Access is not about checking a box. It is about meeting people where they are, in the language they live in—not just the one dominant society prioritizes.


Legal, Ethical, and Professional Responsibilities


Under the Americans with Disabilities Act (ADA), entities are required to provide effective communication. This includes interpreters, ASL videos, and translated materials—not just written handouts or verbal explanations.


In the fields of education, medicine, and mental health, providers are ethically obligated to communicate in a way that respects the person’s language and cultural identity. Relying on written English alone not only undermines comprehension, but it also erodes trust.


Providing an ASL interpreter, ASL-accessible content, and culturally competent services is not a favor—it’s a right.


What Equity Looks Like


True access for Deaf ASL users means:

ASL interpreters in all important conversations—medical, educational, legal, therapeutic. ASL videos and visual content, not just PDFs or flyers. Culturally Deaf providers and Deaf-aware professionals. Respecting ASL as the primary language of communication, not an optional “accommodation.”

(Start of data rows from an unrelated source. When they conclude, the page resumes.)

Lemma sharply_less_indexed_cofinal (K L X : Type) :
  sharply_less K L -> lt_card X L ->
  exists (I : Type) (piece : I -> X -> Prop),
    lt_card I L /\
    (forall i, lt_card {x | piece i x} K) /\
    (forall U : X -> Prop, lt_card {x | U x} K -> exists i, forall x, U x -> piece i x).
Proof.
  intros HKL HX.
  destruct (HKL X HX) as [Q [HQsmall [HQcofinal HQ]]]. pose proof HQ as [[enc Henc] _].
  (* indexing by the codes of the sets rather than by the sets keeps the index type in
     the universe of [L] *)
  exists {l : L | exists S, enc S = l}.
  exists (fun i x => exists S : {S | Q S}, enc S = proj1_sig i /\ proj1_sig S x).
  split; [|split].
  - apply le_lt_card with {S | Q S}; [|exact HQ].
    exists (fun i : {l : L | exists S, enc S = l} =>
      proj1_sig (constructive_indefinite_description _ (proj2_sig i))).
    intros [l Hl] [l' Hl']; simpl.
    destruct (constructive_indefinite_description _ Hl) as [S <-].
    destruct (constructive_indefinite_description _ Hl') as [S' <-]; simpl.
    intros <-. apply sig_ext. reflexivity.
  - intros [l [S <-]].
    apply le_lt_card with {x | proj1_sig S x}; [|exact (HQsmall _ (proj2_sig S))].
    assert (Hin : forall x, (exists S', enc S' = enc S /\ proj1_sig S' x) -> proj1_sig S x).
    { intros x [S' [E Hx]]. rewrite <- (Henc _ _ E). exact Hx. }
    exists (fun y => exist _ (proj1_sig y) (Hin _ (proj2_sig y))).
    intros y y' E. apply sig_ext. exact (f_equal (@proj1_sig _ _) E).
  - intros U HU. destruct (HQcofinal U HU) as [T [HT HUT]].
    exists (exist _ (enc (exist _ T HT)) (ex_intro _ _ eq_refl)).
    intros x Hx. exists (exist _ T HT). exact (conj eq_refl (HUT x Hx)).
Qed.

(** * Limits of sets and of set-valued functors *)

Lemma NT_ext (A : PreCat) (F G : Functor A TypeCat) (n m : NT F G) :
  (forall a x, eta n a x = eta m a x) -> n = m.
Proof.
  destruct n as [en nn], m as [em nm]; simpl; intros H.
  assert (en = em) as <-.
  { apply functional_extensionality_dep; intro a. apply functional_extensionality, H. }
  f_equal. apply proof_irrelevance.
Qed.

Lemma fmap_idm_apply {C : PreCat} {F : Functor C TypeCat} (HF : isFunctor F) {a : C}
  (x : F a) : fmap F (idm a) x = x.
Proof. rewrite (proj1 HF). reflexivity. Qed.

Lemma fmap_comp_apply {C : PreCat} {F : Functor C TypeCat} (HF : isFunctor F) {a b c : C}
  (f : hom a b) (g : hom b c) (x : F a) :
  fmap F (comp g f) x = fmap F g (fmap F f x).
Proof. rewrite (proj2 HF). reflexivity. Qed.

Section TypeLimits.
Variables (J : PreCat) (D : Functor J TypeCat) (A : Type) (p : forall j, A -> D j).
Hypotheses (p_cone : isCone D A p) (p_limit : isLimit D A p).

Lemma type_limit_ext (z1 z2 : A) : (forall j, p j z1 = p j z2) -> z1 = z2.
Proof.
  intros Hz. destruct (@p_limit unit (fun j _ => p j z1)) as [u [_ Hu]].
  { intros j k f. apply functional_extensionality; intros [].
    exact (f_equal (fun h => h z1) (@p_cone j k f)). }
  assert (E1 : (fun _ : unit => z1) = u) by (apply Hu; reflexivity).
  assert (E2 : (fun _ : unit => z2) = u).
  { apply Hu; intro j. apply functional_extensionality; intros []. symmetry. apply Hz. }
  exact (f_equal (fun h => h tt) (eq_trans E1 (eq_sym E2))).
Qed.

It also means acknowledging that the problem is not Deaf people’s ability to understand English—it’s society’s unwillingness to provide meaningful access in ASL.


Closing Thoughts


If you believe in inclusion, then inclusion must start with language. We cannot continue to assume that written English is “good enough” for Deaf people. It’s not. It’s never been. And it’s time we stop pretending that access in someone else’s language is access at all.


Deaf individuals who use ASL deserve more than scribbled notes or translated captions. They deserve services, education, and human connection in the language that speaks to their soul.


Let’s stop asking Deaf people to do all the work. Let’s start building a world that speaks their language—literally.